Aim of the task: In the entries that follow, the lines from the one with "Import numFieldNormedType.Exports." through the one with "Variable (pi : nat -> X -> A)." are the ones to write out, exactly and with both ends included. Nothing else should appear.

Records to process:
□ □ □ □ □

(* Let $(\pi_k)_{k=0}^K$ be deterministic policies on an MDP as in the context, with $q^{\pi'_k}$, $v^{\pi'_k}$, $\sigma_k^2$ and $\Sigma_k^2$ defined in the context. Then for every $k\in\{1,\dots,K\}$, $$\Sigma_k^2 = \gamma^2\sigma_k^2 + \gamma^2P^{\pi_{k-1}}\Sigma_{k-1}^2.$$
   Context: MDP: finite state set $\mathcal{X}$, finite action set $\mathcal{A}$, discount $\gamma\in[0,1)$, reward $r\in[-1,1]^{\mathcal{X}\times\mathcal{A}}$, transition kernel $P(y|x,a)$. $(Pv)(x,a)=\sum_yP(y|x,a)v(y)$; for a policy $\pi$, $(\pi q)(x)=\sum_a\pi(a|x)q(x,a)$ and $(P^\pi q)(x,a) = (P\pi q)(x,a)$; $q^\pi$ is the unique fixed point of $q\mapsto r+\gamma P^\pi q$, $v^\pi=\pi q^\pi$. Definitions: $q^{\pi'_0}:=q^{\pi_0}$; $v^{\pi'_k} := \pi_kq^{\pi'_k}$; $q^{\pi'_k}:=r+\gamma Pv^{\pi'_{k-1}}$ for $k\in[K]$. $\sigma_0^2 := P(v^{\pi_0})^2-(Pv^{\pi_0})^2$ and $\sigma_k^2 := P(v^{\pi'_{k-1}})^2 - (Pv^{\pi'_{k-1}})^2$ for $k\in[K]$. For $k\in\{0,\dots,K\}$ and $(x,a)$, let $(X_t,A_t)_{t\ge0}$ be the process with $X_0=x$, $A_0=a$, $X_{t+1}\sim P(\cdot|X_t,A_t)$, $A_t = \pi_{k-t}(X_t)$ for $1\le t\le k$ and $A_t=\pi_0(X_t)$ for $t>k$, and define $\Sigma_k^2(x,a) := \mathbb{E}\big[(\sum_{t=0}^\infty\gamma^t r(X_t,A_t) - q^{\pi'_k}(x,a))^2\big]$. *)

From HB Require Import structures.
From mathcomp Require Import all_boot all_order all_algebra.
From mathcomp Require Import all_classical all_reals.
From mathcomp Require Import topology normedtype sequences.
Set Implicit Arguments. Unset Strict Implicit. Unset Printing Implicit Defensive.
Import Order.TTheory GRing.Theory Num.Theory.
Import numFieldNormedType.Exports.
Local Open Scope ring_scope.

Section MDP.
Variables (R : realType) (X A : finType).
Variables (P : X -> A -> X -> R) (r : X -> A -> R) (gamma : R).
Variable (pi : nat -> X -> A).

Definition Pv (v : X -> R) (x : X) (a : A) : R := \sum_(y : X) P x a y * v y.

Definition Ppi (pol : X -> A) (q : X -> A -> R) (x : X) (a : A) : R :=
  Pv (fun y => q y (pol y)) x a.

(* q^{pi'_k}, given q0 = q^{pi_0}:  q'_0 = q0, q'_k = r + gamma P v'_{k-1},
   with v'_k = pi_k q'_k. *)
Fixpoint qprime (q0 : X -> A -> R) (k : nat) : X -> A -> R :=
  match k with
  | 0 => q0
  | k'.+1 => fun x a => r x a + gamma * Pv (fun y => qprime q0 k' y (pi k' y)) x a
  end.

Definition vprime (q0 : X -> A -> R) (k : nat) (x : X) : R := qprime q0 k x (pi k x).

□ □ □ □ □

Task result:
Import numFieldNormedType.Exports.
Local Open Scope ring_scope.

Section MDP.
Variables (R : realType) (X A : finType).
Variables (P : X -> A -> X -> R) (r : X -> A -> R) (gamma : R).
Variable (pi : nat -> X -> A).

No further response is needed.